Lemma lt_foldr_min (R : realDomainType) (t h : R) (s : seq R) :
  (t < foldr Num.min h s) = all (fun y => t < y) (h :: s).
Proof. by elim: s => [|y s IH] /=; rewrite ?andbT // lt_min IH /= andbCA. Qed.

Lemma lt_min_spacing (R : realType) (t : R) (s : seq R) : (1 < size s)%N ->
  (t < min_spacing s) = pairwise (fun u v => t < `|u - v|) s.
Proof.
move=> s_gt1; rewrite /min_spacing; set u := sort _ s.
have u_sorted : sorted <=%R u by apply: sort_sorted; exact: le_total.
have le_nth i j : (i <= j < size u)%N -> nth 0 u i <= nth 0 u j.
  case/andP=> ij ju; apply: (sorted_leq_nth le_trans le_refl) => //.
  by rewrite inE /= (leq_ltn_trans ij).
have dist_sym : symmetric (fun u v : R => t < `|u - v|) by move=> a b; rewrite distrC.
have -> : pairwise (fun u v => t < `|u - v|) s = pairwise (fun u v => t < `|u - v|) u.
  by apply/idP/idP; apply: perm_pairwise_sym; rewrite // ?perm_sort // perm_sym perm_sort.
have -> : (t < match [seq nth 0 u i.+1 - nth 0 u i | i <- iota 0 (size u).-1] with
         | [::] => 0 | h :: tl => foldr Num.min h tl end) =
    all (fun i => t < nth 0 u i.+1 - nth 0 u i) (iota 0 (size u).-1).
  by move: s_gt1; rewrite -(size_sort <=%R) -/u; case: (size u) => [|[|k]] // _;
     rewrite /= lt_foldr_min /= all_map.
apply/allP/(pairwiseP 0) => [gap i j | far i]; rewrite ?inE ?mem_iota /=.
  move=> iu ju ij; have i_gap : (i < (size u).-1)%N by lia.
  have ij_u : (i <= j < size u)%N by lia.
  have i1j_u : (i.+1 <= j < size u)%N by lia.
  rewrite distrC ger0_norm ?subr_ge0 ?le_nth //.
  by apply: lt_le_trans (gap i _) _; rewrite ?mem_iota ?lerD2r ?le_nth.
move=> i_gap; have ii1_u : (i <= i.+1 < size u)%N by lia.
have := far i i.+1; rewrite !inE /= => /(_ ltac:(lia) ltac:(lia) (ltnSn i)).
by rewrite distrC ger0_norm // subr_ge0 le_nth.
Qed.

Lemma lt_T_stat (R : realType) (Ω : Type) n (X : 'I_n -> Ω -> R) ω (t : R) :
  (1 < n)%N ->
  (t < T_stat X ω) <-> (forall a b : 'I_n, (a < b)%N -> t < `|X a ω - X b ω|).
Proof.
move=> n_gt1; have i0 : 'I_n := Ordinal (ltnW n_gt1).
rewrite /T_stat lt_min_spacing ?pairwise_map -?enumT; last by rewrite size_map size_enum_ord.
split=> [/(pairwiseP i0) far a b ab | near_ab].
  by have := far a b; rewrite !inE size_enum_ord !nth_ord_enum; apply.
apply/(pairwiseP i0) => i j; rewrite !inE size_enum_ord => i_n j_n ij.
by apply: near_ab; rewrite !nth_enum_ord.
Qed.

Section measure_bounds.
Context d (T : measurableType d) (R : realType).
Variable mu : {measure set T -> \bar R}.
Local Open Scope ereal_scope.

(* Densities are not assumed measurable; monotonicity still holds because the
   integral of a nonnegative function is a supremum over simple minorants. *)
Lemma ge0_le_integral_nonmeasurable (D : set T) (f1 f2 : T -> \bar R) :
  (forall x, D x -> 0 <= f1 x) -> (forall x, D x -> f1 x <= f2 x) ->
  \int[mu]_(x in D) f1 x <= \int[mu]_(x in D) f2 x.
Proof.
move=> f1_ge0 f12; have f2_ge0 x : D x -> 0 <= f2 x.
  by move=> Dx; exact: le_trans (f1_ge0 x Dx) (f12 x Dx).
rewrite !ge0_integralE //; apply: ereal_sup_le => _ [h hf1 <-].
exists h => //= x; apply: le_trans (hf1 x) _.
by rewrite /patch; case: ifP => // /set_mem /f12.
Qed.

Lemma measure_bigcup_card_le (I : finType) (F : I -> set T) (K : R) :
  (forall i, measurable (F i)) -> (forall i, mu (F i) <= K%:E) ->
  mu (\bigcup_i F i) <= (#|I|%:R * K)%:E.
Proof.
move=> mF FK; have mU : measurable (\bigcup_i F i).
  exact: fin_bigcup_measurable finite_finset (fun i _ => mF i).
apply: le_trans (content_sub_fsum _ finite_finset (fun i _ => mF i) mU (@subset_refl _ _)) _.
rewrite (fsbigE _ _ (enum_uniq I)) //; last by move=> i _; rewrite mem_enum.
rewrite (eq_bigl xpredT) ?big_enum; last by move=> i; rewrite in_setT.
by rewrite mulr_natl -sumr_const -sumEFin; apply: lee_sum => i _; exact: FK.
Qed.

End measure_bounds.

Lemma near_pair_grid (R : realType) (t u v : R) : 0 < t -> 0 <= u <= 1 -> `|u - v| <= t ->
  exists2 k : 'I_(Num.truncn t^-1).+1,
    k%:R * t <= u < k.+1%:R * t & (k%:R - 1) * t <= v <= (k%:R + 2) * t.
Proof.
move=> t_gt0 /andP[u_ge0 u_le1] uv_t.
have ut_ge0 : 0 <= u / t by rewrite divr_ge0 // ltW.
have /andP[k_le k_gt] := truncn_itv ut_ge0.
have k_M : (Num.truncn (u / t) < (Num.truncn t^-1).+1)%N.
  by rewrite ltnS le_truncn // -[leRHS]mul1r ler_pM2r ?invr_gt0.
rewrite ler_pdivlMr // ltr_pdivrMr // in k_le k_gt.
exists (Ordinal k_M); first by rewrite /= k_le k_gt.
move: k_gt uv_t; rewrite /= -natr1 ler_norml => k_gt /andP[? ?].
by apply/andP; split; nra.
Qed.

Section pair_estimates.
Context d (Ω : measurableType d) (R : realType) (P : probability Ω R).

Lemma measurableT_preimage (Y : Ω -> R) (B : set R) :
  measurable_fun setT Y -> measurable B -> measurable (Y @^-1` B).
Proof. by move=> mY mB; rewrite -[_ @^-1` _]setTI; exact: mY. Qed.

Lemma density_le_lebesgue (Y : Ω -> R) (f : R -> R) (C : R) (B : set R) :
  is_density P Y f -> (forall y, f y <= C) -> measurable B ->
  (P (Y @^-1` B) <= C%:E * lebesgue_measure B)%E.
Proof.
move=> [f_ge0 Pf] f_le_C mB; rewrite Pf // -(integral_cst lebesgue_measure mB).
by apply: ge0_le_integral_nonmeasurable => y _; rewrite lee_fin.
Qed.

* Directions *
Please show each line in the records above that contains "pairwiseP".

* Response *
apply/allP/(pairwiseP 0) => [gap i j | far i]; rewrite ?inE ?mem_iota /=.
split=> [/(pairwiseP i0) far a b ab | near_ab].
apply/(pairwiseP i0) => i j; rewrite !inE size_enum_ord => i_n j_n ij.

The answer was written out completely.